[Saved entries]
———
Lemma pow_sub_factor x t n : t ^ n - x ^ n = (t - x) * pow_quot x n t.
Proof.
elim: n => [|n IH] /=; first ring.
have -> : t * t ^ n - x * x ^ n = t ^ n * (t - x) + x * (t ^ n - x ^ n) by ring.
by rewrite IH; ring.
Qed.

Lemma pow_quot_diag x n : pow_quot x n.+1 x = INR n.+1 * x ^ n.
Proof.
elim: n => [|n IH]; first by rewrite /=; ring.
rewrite -[pow_quot x n.+2 x]/(x ^ n.+1 + x * pow_quot x n.+1 x) IH.
by rewrite (S_INR n.+1) -tech_pow_Rmult; ring.
Qed.

Lemma continuity_pow_quot x n t : continuity_pt (pow_quot x n) t.
Proof.
elim: n => [|n IH]; first exact: continuity_pt_const.
apply: (continuity_pt_plus (fun y => y ^ n) (fun y => x * pow_quot x n y)).
  exact: derivable_continuous_pt (derivable_pt_pow n t).
exact: continuity_pt_scal.
Qed.

Lemma continuity_deriv_poly_quot alpha k r x t :
  continuity_pt (deriv_poly_quot alpha k r x) t.
Proof.
apply: continuity_pt_finite_SF => i _.
exact: (continuity_pt_scal (pow_quot x (k - i - r))) (continuity_pow_quot _ _ _).
Qed.

Lemma deriv_poly_sub_factor alpha k r x t :
  deriv_poly alpha k r t - deriv_poly alpha k r x = (t - x) * deriv_poly_quot alpha k r x t.
Proof.
rewrite /deriv_poly /deriv_poly_quot -minus_sum scal_sum; apply: sum_eq => i _.
by rewrite -Rmult_minus_distr_l pow_sub_factor; ring.
Qed.

Lemma deriv_poly_quot_diag alpha k r x :
  deriv_poly_quot alpha k r x x = deriv_poly alpha k r.+1 x.
Proof.
apply: sum_eq => i _; rewrite ffactnSr mult_INR.
case E: (k - i - r)%nat => [|e]; first by rewrite /= !Rmult_0_r Rmult_0_l.
by rewrite pow_quot_diag (_ : k - i - r.+1 = e)%nat; [ring | lia].
Qed.

Lemma deriv_poly0 alpha k t :
  deriv_poly alpha k 0 t = sum_f_R0 (fun i => alpha i * t ^ (k - i)) k.
Proof. by apply: sum_eq => i _; rewrite ffactn0 subn0 /=; ring. Qed.

Lemma deriv_poly_top alpha k t : deriv_poly alpha k k t = alpha 0%nat * INR k`!.
Proof.
case: k => [|k]; first by rewrite /deriv_poly /=; ring.
rewrite /deriv_poly decomp_sum; last lia.
rewrite (sum_eq _ (fun _ => 0)); last by move=> i _; rewrite ffact_small /=; [ring | lia].
by rewrite sum_cte subnn subn0 ffactnn Rmult_0_l /=; ring.
Qed.

Lemma exists_switch (P : nat -> Prop) k :
  P 0%nat -> ~ P k -> exists r, (r < k)%nat /\ P r /\ ~ P r.+1.
Proof.
elim: k => [|k IH] P0 notPk; first by [].
case: (Classical_Prop.classic (P k)) => [Pk | notPk']; first by exists k.
by have [r [lt_rk PrP]] := IH P0 notPk'; exists r; split=> //; lia.
Qed.

Lemma upcrossing_of_factor f g x : (forall t, f t = (t - x) * g t) ->
  continuity_pt g x -> 0 < g x -> exists dl, 0 < dl /\ upcrossing f x (g x / 2) dl.
Proof.
move=> f_eq g_cont gx_pos.
have [al [al_pos g_near]] := g_cont (g x / 2) ltac:(lra).
exists (al / 2); split=> [|t near_t]; first lra.
have g_lb : g x / 2 <= g t.
  case: (Req_dec t x) => [-> | neq_tx]; first lra.
  have /Rabs_def2 : R_dist (g t) (g x) < g x / 2.
    apply: g_near; split; first by split=> //; apply: not_eq_sym.
    by rewrite /= /R_dist; lra.
  lra.
by rewrite f_eq; split=> le_tx; nra.
Qed.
———
TASK TO CARRY OUT – All of the data, start to finish: please output it exactly.

SOLVED PROBLEM –
Lemma pow_sub_factor x t n : t ^ n - x ^ n = (t - x) * pow_quot x n t.
Proof.
elim: n => [|n IH] /=; first ring.
have -> : t * t ^ n - x * x ^ n = t ^ n * (t - x) + x * (t ^ n - x ^ n) by ring.
by rewrite IH; ring.
Qed.

Lemma pow_quot_diag x n : pow_quot x n.+1 x = INR n.+1 * x ^ n.
Proof.
elim: n => [|n IH]; first by rewrite /=; ring.
rewrite -[pow_quot x n.+2 x]/(x ^ n.+1 + x * pow_quot x n.+1 x) IH.
by rewrite (S_INR n.+1) -tech_pow_Rmult; ring.
Qed.

Lemma continuity_pow_quot x n t : continuity_pt (pow_quot x n) t.
Proof.
elim: n => [|n IH]; first exact: continuity_pt_const.
apply: (continuity_pt_plus (fun y => y ^ n) (fun y => x * pow_quot x n y)).
  exact: derivable_continuous_pt (derivable_pt_pow n t).
exact: continuity_pt_scal.
Qed.

Lemma continuity_deriv_poly_quot alpha k r x t :
  continuity_pt (deriv_poly_quot alpha k r x) t.
Proof.
apply: continuity_pt_finite_SF => i _.
exact: (continuity_pt_scal (pow_quot x (k - i - r))) (continuity_pow_quot _ _ _).
Qed.

Lemma deriv_poly_sub_factor alpha k r x t :
  deriv_poly alpha k r t - deriv_poly alpha k r x = (t - x) * deriv_poly_quot alpha k r x t.
Proof.
rewrite /deriv_poly /deriv_poly_quot -minus_sum scal_sum; apply: sum_eq => i _.
by rewrite -Rmult_minus_distr_l pow_sub_factor; ring.
Qed.

Lemma deriv_poly_quot_diag alpha k r x :
  deriv_poly_quot alpha k r x x = deriv_poly alpha k r.+1 x.
Proof.
apply: sum_eq => i _; rewrite ffactnSr mult_INR.
case E: (k - i - r)%nat => [|e]; first by rewrite /= !Rmult_0_r Rmult_0_l.
by rewrite pow_quot_diag (_ : k - i - r.+1 = e)%nat; [ring | lia].
Qed.

Lemma deriv_poly0 alpha k t :
  deriv_poly alpha k 0 t = sum_f_R0 (fun i => alpha i * t ^ (k - i)) k.
Proof. by apply: sum_eq => i _; rewrite ffactn0 subn0 /=; ring. Qed.

Lemma deriv_poly_top alpha k t : deriv_poly alpha k k t = alpha 0%nat * INR k`!.
Proof.
case: k => [|k]; first by rewrite /deriv_poly /=; ring.
rewrite /deriv_poly decomp_sum; last lia.
rewrite (sum_eq _ (fun _ => 0)); last by move=> i _; rewrite ffact_small /=; [ring | lia].
by rewrite sum_cte subnn subn0 ffactnn Rmult_0_l /=; ring.
Qed.

Lemma exists_switch (P : nat -> Prop) k :
  P 0%nat -> ~ P k -> exists r, (r < k)%nat /\ P r /\ ~ P r.+1.
Proof.
elim: k => [|k IH] P0 notPk; first by [].
case: (Classical_Prop.classic (P k)) => [Pk | notPk']; first by exists k.
by have [r [lt_rk PrP]] := IH P0 notPk'; exists r; split=> //; lia.
Qed.

Lemma upcrossing_of_factor f g x : (forall t, f t = (t - x) * g t) ->
  continuity_pt g x -> 0 < g x -> exists dl, 0 < dl /\ upcrossing f x (g x / 2) dl.
Proof.
move=> f_eq g_cont gx_pos.
have [al [al_pos g_near]] := g_cont (g x / 2) ltac:(lra).
exists (al / 2); split=> [|t near_t]; first lra.
have g_lb : g x / 2 <= g t.
  case: (Req_dec t x) => [-> | neq_tx]; first lra.
  have /Rabs_def2 : R_dist (g t) (g x) < g x / 2.
    apply: g_near; split; first by split=> //; apply: not_eq_sym.
    by rewrite /= /R_dist; lra.
  lra.
by rewrite f_eq; split=> le_tx; nra.
Qed.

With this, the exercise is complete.